Here’s wonderful things you can do today in Rust (even in 1.25) with a Compare trait: (playground). Waiting for abstract types buys you nothing of value, as far as I can tell.

fn f(x: &usize, y: &usize) -> Ordering {
    usize::cmp(&x, &y)
}

let _heap = BinaryHeap::<i32>::new();

let _heap = BinaryHeap::new_by(f);

let _heap = BinaryHeap::new_by(|x: &_, y: &_| usize::cmp(x, y));

let _heap = BinaryHeap::new_by_key(|x: &i32| -x);

// make a heap with context
fn expensive_function(x: i32) -> i32 { -x }
let memoized_function = {
    let mut memo = HashMap::new();
    move |&x: &_| {
        *memo.entry(x).or_insert_with(|| expensive_function(x))
    }
};
let _heap_with_context = BinaryHeap::new_by_key(memoized_function);

// make a heap with non-'static context
let data = vec![2.0, 5.0, 1.0];
let _heap_that_borrows = BinaryHeap::new_by(|&a: &usize, &b: &usize| {
    data[a].partial_cmp(&data[b]).unwrap()
});

(not that I know whether any of this is useful for typical Heap use cases. The last time I used a heap in my code was well over a year ago…)

4 Likes

Instead of having FnComparator couldn’t you impl<T, F> Compare<T> for F where F: FnMut(&T, &T) -> Ordering and have fun new_by(cmp: impl Comparator)? Maybe that breaks the closure type inference though.

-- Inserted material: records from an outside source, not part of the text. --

Lemma nf_dilate_proj_sub alpha e x : f e e = 1 ->
  nf (alpha * f x e *: e - x) <= Num.max 1 (Normc.normc (alpha - 1)) * nf x.
Proof.
move=> ee1; set m := Num.max _ _.
have m_ge0 : 0 <= m by rewrite le_max ler01.
have m_ge1 : 1 <= m ^+ 2 by rewrite exprn_ege1 // le_max lexx.
have am : Normc.normc (alpha - 1) ^+ 2 <= m ^+ 2.
  by rewrite lerXn2r ?nnegrE ?normc_ge0 // le_max lexx orbT.
have px : Normc.normc (f x e) ^+ 2 <= qf x.
  by have := cauchy_schwarz_sqr x e; rewrite /qf ee1 /= mulr1.
rewrite -[m]ger0_norm // -sqrtr_sqr -sqrtrM ?sqr_ge0 //; apply: ler_wsqrtr.
rewrite /qf formBl !formBr !formZl !formZr ee1 (f_herm x e) formxxE.
move: px am m_ge1; rewrite !sqr_normc; have := qf_ge0 x; clearbody m.
case: alpha (f x e) => a1 a2 [p1 p2]; move: (qf x) => X /=; nra.
Qed.

Lemma buzano_ineq alpha e x y : f e e = 1 ->
  Normc.normc alpha * Normc.normc (f x e * f e y) <=
  Num.max 1 (Normc.normc (alpha - 1)) * nf x * nf y + Normc.normc (f x y).
Proof.
move=> ee1; rewrite -Normc.normcM.
have -> : alpha * (f x e * f e y) = f (alpha * f x e *: e - x) y + f x y.
  by rewrite formBl formZl; ring.
apply: le_trans (le_normcD _ _) _; rewrite lerD2r.
apply: le_trans (cauchy_schwarz _ _) _.
by apply: ler_wpM2r; [exact: nf_ge0 | exact: nf_dilate_proj_sub].
Qed.

Section SymmetricOperator.
Variable T : V -> V.
Hypothesis T_sym : forall u v, f (T u) v = f u (T v).

Lemma form_iter_sym j u v : f (iter j T u) v = f u (iter j T v).
Proof. by elim: j u v => [//|j IH] u v; rewrite iterSr IH T_sym. Qed.

Lemma sqr_qf_iter j x : qf (iter j T x) ^+ 2 <= qf (iter (j + j) T x) * qf x.
Proof.
have -> : qf (iter j T x) = complex.Re (f (iter (j + j) T x) x).
  by rewrite /qf iterD [in RHS]form_iter_sym.
apply: le_trans (cauchy_schwarz_sqr _ _); rewrite lerXn2r ?nnegrE ?normc_ge0 ?Re_le_normc //.
by rewrite iterD form_iter_sym; exact: qf_ge0.
Qed.

Lemma qf_iter_pow2 k x :
  qf (T x) ^+ (2 ^ k) * qf x <= qf (iter (2 ^ k) T x) * qf x ^+ (2 ^ k).
Proof.
have [x0|x_neq0] := eqVneq (qf x) 0.
  by rewrite x0 expr0n expn_eq0 /= !mulr0.
have x_gt0 : 0 < qf x by rewrite lt_def x_neq0 qf_ge0.
elim: k => [|k IH]; first by rewrite expn0 !expr1.
rewrite expnS mul2n -addnn -(ler_pM2r x_gt0); set N := (2 ^ k)%N.
have ge0_N y : 0 <= qf y ^+ N by rewrite exprn_ge0 ?qf_ge0.
have IH2 := ler_pM (mulr_ge0 (ge0_N _) (qf_ge0 _)) (mulr_ge0 (ge0_N _) (qf_ge0 _)) IH IH.
have -> : qf (T x) ^+ (N + N) * qf x * qf x =
          (qf (T x) ^+ N * qf x) * (qf (T x) ^+ N * qf x) by rewrite exprD; ring.
apply: le_trans IH2 _.
have -> : qf (iter N T x) * qf x ^+ N * (qf (iter N T x) * qf x ^+ N) =
          qf (iter N T x) ^+ 2 * qf x ^+ (N + N) by rewrite exprD; ring.
by rewrite [leRHS]mulrAC ler_wpM2r ?exprn_ge0 ?qf_ge0 ?sqr_qf_iter.
Qed.

Lemma qf_sym_le (h : V -> R) c : 0 < c ->
  (forall x, qf x <= h x) -> (forall x, h (T x) <= c * h x) ->
  forall x, qf (T x) <= c * qf x.
Proof.
move=> c_gt0 qf_le_h hT x.
have h_iter j : h (iter j T x) <= c ^+ j * h x.
  elim: j => [|j IH]; first by rewrite mul1r.
  by rewrite iterS exprS -mulrA; apply: le_trans (hT _) (ler_wpM2l (ltW c_gt0) IH).
have [x0|x_neq0] := eqVneq (qf x) 0.
  have := sqr_qf_iter 1 x; rewrite x0 !mulr0 => Tx_le0.
  have : qf (T x) ^+ 2 == 0 by rewrite eq_le Tx_le0 sqr_ge0.
  by rewrite sqrf_eq0 => /eqP ->.
have x_gt0 : 0 < qf x by rewrite lt_def x_neq0 qf_ge0.
rewrite -[leRHS]mul1r -ler_pdivrMr ?mulr_gt0 //.
apply: (@le1_of_bounded_pow2 _ _ (h x / qf x)) => k.
rewrite expr_div_n ler_pdivrMr ?exprn_gt0 ?mulr_gt0 // mulrAC ler_pdivlMr //.
apply: le_trans (qf_iter_pow2 k x) _.
rewrite exprMn mulrA ler_wpM2r ?exprn_ge0 ?qf_ge0 // mulrC.
exact: le_trans (qf_le_h _) (h_iter _).
Qed.

End SymmetricOperator.

End SemiInnerProduct.

Lemma hermitian_of_ge0 (R : realType) (V : lmodType R[i]) (f : V -> V -> R[i]) :
  (forall (a : R[i]) x y z, f (a *: x + y) z = a * f x z + f y z) ->
  (forall (a : R[i]) x y z, f z (a *: x + y) = a^* * f z x + f z y) ->
  (forall x, 0 <= f x x) ->
  forall x y, f y x = (f x y)^*.
Proof.
move=> f_linl f_linr f_ge0 x y.
(* Polarization: f (x + y) (x + y) and f ('i y + x) ('i y + x) have zero imaginary part. *)
have f_addr z u w : f z (u + w) = f z u + f z w.
  by have := f_linr 1 u w z; rewrite scale1r rmorph1 mul1r.
have := ger0_Im (f_ge0 (x + y)); rewrite (formDl f_linl) !f_addr.
have := ger0_Im (f_ge0 ('i *: y + x)); rewrite f_linl !f_linr.
have := ger0_Im (f_ge0 x); have := ger0_Im (f_ge0 y).
case: (f x x) (f y y) (f x y) (f y x) => [a1 a2] [b1 b2] [p1 p2] [q1 q2] /= *.
by apply/eqP; rewrite eq_complex /=; apply/andP; split; apply/eqP; lra.
Qed.

Lemma bounded_op_pos_bound (R : realType) (V : lmodType R[i]) (ip : V -> V -> R[i])
    (T : V -> V) :
  bounded_op ip T -> exists2 c : R, 0 < c & forall x, hnorm ip (T x) <= c * hnorm ip x.
Proof.
case=> _ [c Tc]; exists (Num.max c 1); first by rewrite lt_max ltr01 orbT.
by move=> x; apply: le_trans (Tc x) _; rewrite ler_wpM2r ?sqrtr_ge0 // le_max lexx.
Qed.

Instead of having FnComparator couldn’t you impl<T, F> Compare for F where F: FnMut(&T, &T) -> Ordering and have fun new_by(cmp: impl Comparator)? Maybe that breaks the closure type inference though.

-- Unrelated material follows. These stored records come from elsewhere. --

(* Filter a subspace S of C^k by q-degree, F_q S = S ∩ ⊕_{j ≤ q} C^{k-j,j}, and let
   gr_q S ⊆ C^{k-q,q} be the image of F_q S under the projection onto C^{k-q,q}.
   Choosing linear sections of these leading-term maps and peeling off leading
   terms from the top q-degree down identifies S with ⊕_q gr_q S; the filtration
   is finite because C^{p,q} = 0 for p < 0 or q < 0.
   For S = B^k, gr_q S is B^k_q ∩ C^{k-q,q} by the definition of π_q.  For S = Z^k
   it is Z^k_q ∩ C^{k-q,q}: if η ∈ M^k and π_q(∂η) = 0, the components of ∂η in
   q-degrees j < q are boundaries ∂n_j with n_j ∈ N^{k-j,j}, and η - Σ_j n_j is a
   cocycle with the same component in q-degree q.
   Choosing the sections for Z^k to extend those for B^k (Zorn's lemma) makes the
   isomorphism for Z^k carry B^k onto ⊕_q gr_q B^k, which gives the statement on
   cohomology. *)

From HB Require Import structures.
From mathcomp Require Import all_boot all_order all_algebra zify.
From mathcomp Require Import boolp classical_sets.
Import Order.TTheory GRing.Theory Num.Theory.
Set Implicit Arguments. Unset Strict Implicit. Unset Printing Implicit Defensive.
Local Open Scope ring_scope.
Local Open Scope classical_set_scope.

Section Subspace.
Variables (R : pzRingType) (V : lmodType R).

Record subspace (S : set V) : Prop := Subspace {
  subspace0 : S 0;
  subspaceP : forall a x y, S x -> S y -> S (a *: x + y)
}.

Variable S : set V.
Hypothesis subS : subspace S.

Lemma subspaceD x y : S x -> S y -> S (x + y).
Proof. by move=> Sx Sy; rewrite -[x]scale1r; apply: (subspaceP subS). Qed.

Lemma subspaceB x y : S x -> S y -> S (x - y).
Proof. by move=> Sx Sy; rewrite addrC -scaleN1r; apply: (subspaceP subS). Qed.

End Subspace.

Section LinearSections.
Variables (R : fieldType) (V : lmodType R).
Implicit Types (F W : set V) (L : {linear V -> V}).

Definition section_on F L (s : V -> V) : Prop :=
  [/\ forall x, F x -> F (s (L x)), forall x, F x -> L (s (L x)) = L x &
      forall a x y, F x -> F y -> s (L (a *: x + y)) = a *: s (L x) + s (L y)].

Lemma section_on0 F L s : subspace F -> section_on F L s -> s 0 = 0.
Proof.
move=> [F0 _] [_ _ sL]; have := sL 1 0 0 F0 F0.
by rewrite !scale1r addr0 linear0 -{1}[s 0]addr0 => /addrI <-.
Qed.

Definition kernel_free F L := forall x, F x -> L x = 0 -> x = 0.

Lemma kernel_free_inj F L x y :
  subspace F -> kernel_free F L -> F x -> F y -> L x = L y -> x = y.
Proof.
move=> subF kerF Fx Fy Lxy; apply/eqP; rewrite -subr_eq0; apply/eqP.
by apply: kerF; [apply: subspaceB | rewrite linearB Lxy subrr].
Qed.

Definition kernel_free_extension F W L A :=
  [/\ subspace A, W `<=` A, A `<=` F & kernel_free A L].

Lemma exists_maximal_kernel_free_extension F W L :
  kernel_free_extension F W L W -> exists A, kernel_free_extension F W L A /\
    forall B, A `<` B -> ~ kernel_free_extension F W L B.
Proof.
move=> extW; have [[W0 _] _ _ _] := extW.
pose P A := A = set0 \/ kernel_free_extension F W L A.
(* [set0] is admitted only so that [Zorn_bigcup] also covers the empty chain. *)
have [A [[A0|extA] Amax]] : exists A, P A /\ forall B, A `<` B -> ~ P B.
  apply: Zorn_bigcup => C CP Ctot.
  have [[X0 CX0 [x0 X0x0]]|Cempty] := EM (exists2 X, C X & X !=set0); last first.
    left; apply/seteqP; split=> // x [X CX Xx].
    by apply: Cempty; exists X => //; exists x.
  have extC X x : C X -> X x -> kernel_free_extension F W L X.
    by move=> CX Xx; case: (CP X CX) => // X_0; rewrite X_0 in Xx.
  have [_ WX0 _ _] := extC X0 x0 CX0 X0x0.
  right; split; [split|..].
  - by exists X0 => //; exact: WX0.
  - move=> a x y [X CX Xx] [Y CY Yy].
    have [XY|YX] := Ctot X Y CX CY.
      have [[_ YP] _ _ _] := extC Y y CY Yy.
      by exists Y => //; apply: YP => //; apply: XY.
    have [[_ XP] _ _ _] := extC X x CX Xx.
    by exists X => //; apply: XP => //; apply: YX.
  - by move=> w Ww; exists X0 => //; apply: WX0.
  - by move=> x [X CX Xx]; have [_ _ XF _] := extC X x CX Xx; apply: XF.
  - by move=> x [X CX Xx]; have [_ _ _ kerX] := extC X x CX Xx; apply: kerX.
  exfalso; apply: (Amax W); last by right.
  by rewrite A0; split=> // /(_ 0 W0).
by exists A; split=> // B AB extB; apply: (Amax B AB); right.
Qed.

(* A maximal kernel-free extension [A] satisfies [L A = L F]: otherwise
   adjoining any [x] with [L x \notin L A] would keep it kernel-free. *)
Lemma exists_kernel_free_complement F W L :
  subspace F -> kernel_free_extension F W L W ->
  exists2 A, kernel_free_extension F W L A &
    forall x, F x -> exists2 a, A a & L a = L x.
Proof.
move=> subF extW; have [A [extA Amax]] := exists_maximal_kernel_free_extension extW.
have [subA WA AF kerA] := extA.
exists A => // x Fx; apply: contrapT => LxA.
pose B z := exists a b, A a /\ z = a + b *: x.
have AB : A `<=` B by move=> a Aa; exists a, 0; rewrite scale0r addr0.
apply: (Amax B); last split.
- split=> [//|BA]; apply: LxA; exists x => //; apply: (BA x).
  by exists 0, 1; rewrite add0r scale1r; split; first exact: (subspace0 subA).
- split; first exact: (AB 0 (subspace0 subA)).
  move=> c _ _ [a [b [Aa ->]]] [a' [b' [Aa' ->]]].
  exists (c *: a + a'), (c * b + b'); split; first exact: subspaceP.
  by rewrite scalerDr scalerDl scalerA addrACA.
- by move=> w /WA /AB.
- move=> _ [a [b [Aa ->]]]; rewrite addrC -[b *: x]addr0 -addrA add0r.
  by apply: (subspaceP subF) => //; apply: (AF a).
- move=> _ [a [b [Aa ->]]]; rewrite linearD linearZ_LR.
  have [-> Lab|b0 Lab] := eqVneq b 0.
    by rewrite !scale0r !addr0 in Lab *; apply: (kerA a Aa Lab).
  exfalso; apply: LxA; exists (- b^-1 *: a).
    by rewrite -[_ *: a]addr0; apply: (subspaceP subA) => //; apply: subspace0.
  move/eqP: Lab; rewrite addr_eq0 => /eqP La.
  by rewrite linearZ_LR La scalerN scaleNr opprK scalerA mulVf // scale1r.
Qed.

Lemma exists_section_on_extending F W L :
  subspace F -> kernel_free_extension F W L W ->
  exists s, section_on F L s /\ forall w, W w -> s (L w) = w.
Proof.
move=> subF extW; have [_ _ WF _] := extW.
have [A [subA WA AF kerA] LA] := exists_kernel_free_complement subF extW.
have /choice[s sP] y : exists a, (exists2 x, F x & L x = y) -> A a /\ L a = y.
  have [[x Fx <-]|nFy] := EM (exists2 x, F x & L x = y); last by exists 0 => /nFy.
  by have [a Aa Lax] := LA x Fx; exists a.
have sA x : F x -> A (s (L x)) /\ L (s (L x)) = L x.
  by move=> Fx; apply: sP; exists x.
have sE x a : F x -> A a -> L a = L x -> s (L x) = a.
  move=> Fx Aa Lax; have [Asx Lsx] := sA x Fx.
  by apply: (kernel_free_inj subA kerA) => //; rewrite Lsx.
exists s; split; [split|].
- by move=> x /sA[/AF].
- by move=> x /sA[].
- move=> a x y Fx Fy; apply: sE; first exact: (subspaceP subF).
    by apply: (subspaceP subA); [case: (sA x Fx) | case: (sA y Fy)].
  by rewrite !linearD !linearZ_LR (sA x Fx).2 (sA y Fy).2.
- by move=> w Ww; apply: sE; [exact: (WF w Ww) | exact: (WA w Ww) |].
Qed.

Lemma exists_section_on F L : subspace F -> exists s, section_on F L s.
Proof.
move=> subF; have ext0 : kernel_free_extension F [set 0] L [set 0].
  split=> //; first by split=> // a x y -> ->; rewrite scaler0 addr0.
  by move=> x ->; apply: subspace0.
by have [s [sF _]] := exists_section_on_extending subF ext0; exists s.
Qed.

Lemma exists_section_on_compatible F F' L s :
  subspace F -> subspace F' -> F `<=` F' -> section_on F L s ->
  exists s', section_on F' L s' /\ forall x, F x -> s' (L x) = s (L x).
Proof.
move=> subF subF' FF' hs; have [sF sL slin] := hs.
pose W w := exists2 x, F x & w = s (L x).
have extW : kernel_free_extension F' W L W.
  split=> //.
  - split; first by exists 0; [apply: subspace0 | rewrite linear0 (section_on0 subF hs)].
    move=> a _ _ [x Fx ->] [y Fy ->].
    by exists (a *: x + y); [apply: (subspaceP subF) | rewrite slin].
  - by move=> _ [x Fx ->]; apply/FF'/sF.
  - by move=> _ [x Fx ->]; rewrite sL // => ->; apply: section_on0 hs.
have [s' [s'F s'W]] := exists_section_on_extending subF' extW.
by exists s'; split=> // x Fx; rewrite -{1}(sL x Fx) s'W //; exists x.
Qed.

End LinearSections.

Section Isomorphisms.
Variables (R : fieldType) (V : lmodType R).
Implicit Types (S T Z B TZ TB : set V) (f : V -> V).

Definition lin_iso_via S T f : Prop :=
  [/\ forall (a : R) (x y : V), S x -> S y -> f (a *: x + y) = a *: f x + f y,
      forall x, S x -> T (f x),
      forall x y, S x -> S y -> f x = f y -> x = y &
      forall z, T z -> exists2 x, S x & f x = z].

Lemma lin_iso_viaP S T f : lin_iso_via S T f -> lin_iso S T.
Proof. by exists f. Qed.

Lemma quot_iso_of_lin_iso_via Z B TZ TB f :
  subspace Z -> TB 0 -> lin_iso_via Z TZ f ->
  (forall x, Z x -> B x <-> TB (f x)) -> quot_iso Z B TZ TB.
Proof.
move=> subZ TB0 [flin fZ _ fsurj] fB; exists f; split=> //.
- by move=> a x y Zx Zy; rewrite flin // subrr.
- move=> x y Zx Zy; have Zxy : Z (- 1 *: y + x) by apply: (subspaceP subZ).
  by move: (fB _ Zxy); rewrite flin // !scaleN1r ![- _ + _]addrC.
- by move=> z /fsurj[x Zx <-]; exists x; rewrite // subrr.
Qed.

End Isomorphisms.

Section GradedProjections.
Variables (R : fieldType) (V : lmodType R) (e : int -> int -> {linear V -> V}).

Record graded_projections : Prop := GradedProjections {
  proj_neg : forall (p q : int) (x : V), (p < 0) || (q < 0) -> e p q x = 0;
  proj_orth : forall (p q p' q' : int) (x : V),
    e p q (e p' q' x) = if (p == p') && (q == q') then e p q x else 0;
  proj_decomp : forall x : V, exists n : nat,
    x = \sum_(i < n) \sum_(j < n) e (nat_of_ord i)%:Z (nat_of_ord j)%:Z x
}.

Hypothesis He : graded_projections.

Lemma projK p q x : e p q (e p q x) = e p q x.
Proof. by rewrite (proj_orth He) !eqxx. Qed.

Lemma proj_inC p q a b x : inC e a b x -> (p != a) || (q != b) -> e p q x = 0.
Proof.
by rewrite /inC => <-; rewrite (proj_orth He) -negb_and; case: (_ && _).
Qed.

Lemma proj_eq0 x : (forall i j, e i j x = 0) -> x = 0.
Proof.
move=> x0; have [n ->] := proj_decomp He x.
by rewrite big1 // => i _; rewrite big1.
Qed.

Lemma inCk_subspace k : subspace (inCk e k).
Proof.
split=> [p q _|a x y Cx Cy p q pq]; first by rewrite linear0.
by rewrite linearP /= Cx // Cy // scaler0 addr0.
Qed.

Lemma inCk_inC k p q x : p + q = k -> inC e p q x -> inCk e k x.
Proof.
move=> pqk Cx a b abk; apply: proj_inC Cx _; rewrite -negb_and.
by apply: contra abk => /andP[/eqP-> /eqP->]; rewrite pqk.
Qed.

Lemma inCk_proj k p q x : p + q = k -> inCk e k (e p q x).
Proof. by move=> pqk; apply: inCk_inC pqk _; apply: projK. Qed.

Definition qdeg_le (q : int) (x : V) : Prop := forall i j, q < j -> e i j x = 0.

Lemma qdeg_le_subspace q : subspace (qdeg_le q).
Proof.
split=> [i j _|a x y hx hy i j qj]; first by rewrite linear0.
by rewrite linearP /= hx // hy // scaler0 addr0.
Qed.

Lemma qdeg_leW q q' x : q <= q' -> qdeg_le q x -> qdeg_le q' x.
Proof. by move=> qq' hx i j q'j; apply: hx; apply: le_lt_trans q'j. Qed.

Lemma qdeg_le_inC p q q' x : inC e p q x -> q <= q' -> qdeg_le q' x.
Proof.
move=> Cx qq' i j q'j; apply: proj_inC Cx _.
by rewrite orbC gt_eqF ?(le_lt_trans qq').
Qed.

Lemma qdeg_le_eq0 x : qdeg_le (-1) x -> x = 0.
Proof.
move=> hx; apply: proj_eq0 => i j; have [j0|j0] := ltP j 0.
  by apply: (proj_neg He); rewrite j0 orbT.
by apply: hx; apply: lt_le_trans j0.
Qed.

Lemma inCk_qdeg_le k x : inCk e k x -> qdeg_le `|k|%:Z x.
Proof.
move=> Cx i j kj; have [i0|i0] := ltP i 0; first by apply: (proj_neg He); rewrite i0.
by apply: Cx; apply/eqP; lia.
Qed.

Lemma qdeg_le_pred k q x :
  inCk e k x -> qdeg_le q x -> e (k - q) q x = 0 -> qdeg_le (q - 1) x.
Proof.
move=> Cx hx lead0 i j qj; have [jq|qj'|->] := ltgtP j q.
- lia.
- exact: hx.
- have [->|ikq] := eqVneq i (k - q) => //.
  by apply: Cx; apply: contra ikq => /eqP <-; rewrite addrK.
Qed.

Lemma is_proj_lead k p q x u : inCk e k x -> p + q = k ->
  is_proj e q x (e p q u) <-> qdeg_le q x /\ e p q x = e p q u.
Proof.
move=> Cx pqk; split.
  move=> [_ hx]; split.
    move=> i j qj; have := hx i j (ltW qj).
    by rewrite linearB /= (proj_inC (projK p q u)) ?subr0 // orbC gt_eqF.
  by have := hx p q (lexx q); rewrite linearB /= projK => /subr0_eq.
move=> [hx xu]; split.
  by move=> i j jq; apply: proj_inC (projK p q u) _; rewrite orbC lt_eqF.
move=> i j qj; rewrite linearB /=; have [->|ji] := eqVneq j q.
  have [->|ip] := eqVneq i p; first by rewrite projK xu subrr.
  rewrite (proj_inC (projK p q u)) ?ip // subr0.
  by apply: Cx; apply: contra ip => /eqP iqk; apply/eqP; lia.
rewrite hx; last by rewrite lt_neqAle eq_sym ji.
by rewrite (proj_inC (projK p q u)) ?subr0 // ji orbT.
Qed.

Lemma dsum_subspace (T : int -> set V) k :
  (forall q, subspace (T q)) -> subspace (dsum e T k).
Proof.
move=> subT; split.
  split=> [|p q _]; first exact: subspace0 (inCk_subspace k).
  by rewrite linear0; apply: subspace0.
move=> a x y [Cx Tx] [Cy Ty]; split; first exact: (subspaceP (inCk_subspace k)).
by move=> p q pqk; rewrite linearP; apply: (subspaceP (subT q)); [apply: Tx | apply: Ty].
Qed.

Lemma dsum_proj (T : int -> set V) k p q t :
  (forall q', T q' 0) -> p + q = k -> dsum e T k t -> dsum e T k (e p q t).
Proof.
move=> T0 pqk [Ct Tt]; split; first exact: inCk_proj.
move=> p' q' pqk'; rewrite (proj_orth He).
by case: ifP => [/andP[/eqP-> /eqP->]|_]; [apply: Tt | apply: T0].
Qed.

To what end? As far as I can tell:

  • A user can already construct a BinaryHeap from an arbitrary closure
    • ...and even return it from a function as BinaryHeap<T, impl Compare<T>>.
  • A user's generic function can take BinaryHeap<T, impl Compare<T>> as an argument.
  • A user's generic function can take F: FnMut(&T, &T) -> bool as an argument and construct a BinaryHeap using it.

So basically, beyond the fact that it shows up in the return type of new_by, hardly anyone needs to know that FnComparator even exists.

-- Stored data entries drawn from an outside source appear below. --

Definition complete_sublatticeK (Q : K -> Prop) : Prop :=
  forall A : K -> Prop, (forall y, A y -> Q y) ->
    (forall k, supK A k -> Q k) /\ (forall k, infK A k -> Q k).

Definition levels (S : L -> Prop) (k : K) : Prop := exists y, S y /\ fst y = k.

Lemma levels_sub {S : L -> Prop} {P : K -> Prop} :
  (forall y, S y -> P (fst y)) -> forall k, levels S k -> P k.
Proof. intros H k [y [Hy <-]]; auto. Qed.

Lemma join_levels {S x} : is_join S x -> supK (levels S) (fst x).
Proof.
  intros Hx. split.
  - intros k [y [Hy <-]]. apply (proj1 Hx y Hy).
  - intros z Hz. assert (leL x (z, true)) as [h _]; [|exact h].
    apply (proj2 Hx). intros y Hy. split; [apply Hz; exists y; auto|right; reflexivity].
Qed.

Lemma meet_levels {S x} : is_meet S x -> infK (levels S) (fst x).
Proof.
  intros Hx. split.
  - intros k [y [Hy <-]]. apply (proj1 Hx y Hy).
  - intros z Hz. assert (leL (z, false) x) as [h _]; [|exact h].
    apply (proj2 Hx). intros y Hy. split; [apply Hz; exists y; auto|left; reflexivity].
Qed.

Lemma join_snd_false {S k y} : is_join S (k, false) -> S y -> snd y = false.
Proof. intros Hx Hy. destruct (proj1 Hx y Hy) as [_ [h|h]]; [exact h|discriminate h]. Qed.

Lemma meet_snd_false {S k} : is_meet S (k, false) -> exists y, S y /\ snd y = false.
Proof.
  intros Hx. apply NNPP; intro N.
  assert (Htf : leL (k, true) (k, false)).
  { apply (proj2 Hx). intros y Hy. split; [apply (proj1 Hx y Hy)|right].
    destruct (snd y) eqn:E; auto. exfalso; apply N; eauto. }
  destruct Htf as [_ [h|h]]; discriminate h.
Qed.

Lemma is_join_intro S k b :
  supK (levels S) k -> (b = true <-> exists y, S y /\ snd y = true) -> is_join S (k, b).
Proof.
  intros Hk Hb. split.
  - intros y Hy. split; [apply (proj1 Hk); exists y; auto|].
    destruct (snd y) eqn:E; [right; apply Hb; eauto|left; auto].
  - intros z Hz. split; [apply (proj2 Hk); intros k' [y [Hy <-]]; apply (Hz y Hy)|].
    destruct b; [|left; reflexivity].
    destruct (proj1 Hb eq_refl) as [y [Hy Hy']].
    destruct (Hz y Hy) as [_ [h|h]]; [congruence|right; exact h].
Qed.

Lemma is_meet_intro S k b :
  infK (levels S) k -> (b = false <-> exists y, S y /\ snd y = false) -> is_meet S (k, b).
Proof.
  intros Hk Hb. split.
  - intros y Hy. split; [apply (proj1 Hk); exists y; auto|].
    destruct (snd y) eqn:E; [right; reflexivity|left; apply Hb; eauto].
  - intros z Hz. split; [apply (proj2 Hk); intros k' [y [Hy <-]]; apply (Hz y Hy)|].
    destruct b; [right; reflexivity|].
    destruct (proj1 Hb eq_refl) as [y [Hy Hy']].
    destruct (Hz y Hy) as [_ [h|h]]; [left; exact h|congruence].
Qed.

Lemma join_exists {S k} : supK (levels S) k -> exists b, is_join S (k, b).
Proof.
  intros Hk. destruct (classic (exists y, S y /\ snd y = true)) as [H|H].
  - exists true. apply is_join_intro; tauto.
  - exists false. apply is_join_intro; [exact Hk|]. split; [discriminate|tauto].
Qed.

Lemma meet_exists {S k} : infK (levels S) k -> exists b, is_meet S (k, b).
Proof.
  intros Hk. destruct (classic (exists y, S y /\ snd y = false)) as [H|H].
  - exists false. apply is_meet_intro; tauto.
  - exists true. apply is_meet_intro; [exact Hk|]. split; [discriminate|tauto].
Qed.

Lemma is_meet_pair k k' b :
  leK k k' -> is_meet (fun y => y = (k, b) \/ y = (k', false)) (k, false).
Proof.
  intros Hkk'. apply is_meet_intro.
  - split.
    + intros y [g [[-> | ->] <-]]; [apply leK_refl|exact Hkk'].
    + intros z Hz. apply Hz. exists (k, b). split; [left|]; reflexivity.
  - split; [intros _; exists (k', false); split; [right|]; reflexivity|reflexivity].
Qed.

Lemma gen_complete_sublattice X : complete_sublattice (gen X).
Proof.
  intros S HS. split; intros x Hx T HT HX.
  - apply (proj1 (HT S (fun y Hy => HS y Hy T HT HX))); auto.
  - apply (proj2 (HT S (fun y Hy => HS y Hy T HT HX))); auto.
Qed.

Lemma gen_sub {X : L -> Prop} {y} : X y -> gen X y.
Proof. intros Hy T _ HXT. auto. Qed.

Lemma non_generator_intro a :
  (forall X, generates_all (add1 X a) -> gen X a) -> non_generator a.
Proof.
  intros H X HX p T HT HXT. apply (HX p T HT).
  intros y [Hy| ->]; [auto|exact (H X HX T HT HXT)].
Qed.

Lemma generates_all_add1 {X a V} :
  generates_all (add1 X a) -> complete_sublattice V ->
  (forall p, gen X p -> V p) -> V a -> forall p, V p.
Proof.
  intros HX HV HGV Ha p. apply (HX p V HV).
  intros y [Hy| ->]; [apply HGV, gen_sub, Hy|exact Ha].
Qed.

Meanwhile, a blanket impl like impl<T, F> Compare<T> for F where F: FnMut(&T, &T) -> Ordering often has a tendency to throw a wrench into basically every aspect of the design because blanket impls beget more blanket impls, which often readily overlap with other impls, which leads to a significant amount of headache for everyone. (which could be justified if it gave us some kind of clear and significant advantage; but as far as I can tell there is none)

The only thing that abstract type buys is the stdlib not needing to implement FnMut manually for the (could be unstable) type that's the default. So it can easily do that for now, and compatibly change later. (It could also use typeof(<T as Ord>::cmp) instead if we got support for that, since it's also a ZST function object.)

And overall I'd rather have new_by<F>(f: F) -> BinaryHeap<T, F> than -> BinaryHeap<T, FnComparator<F>>. (Like with_hasher.)

1 Like

What I meant to say is, I don't see what having F: FnMut as the type parameter buys us. As far as I can see, the concern is purely aesthetic.

Thanks, all! What I posted in the first time was like a pre-pre-...RFC!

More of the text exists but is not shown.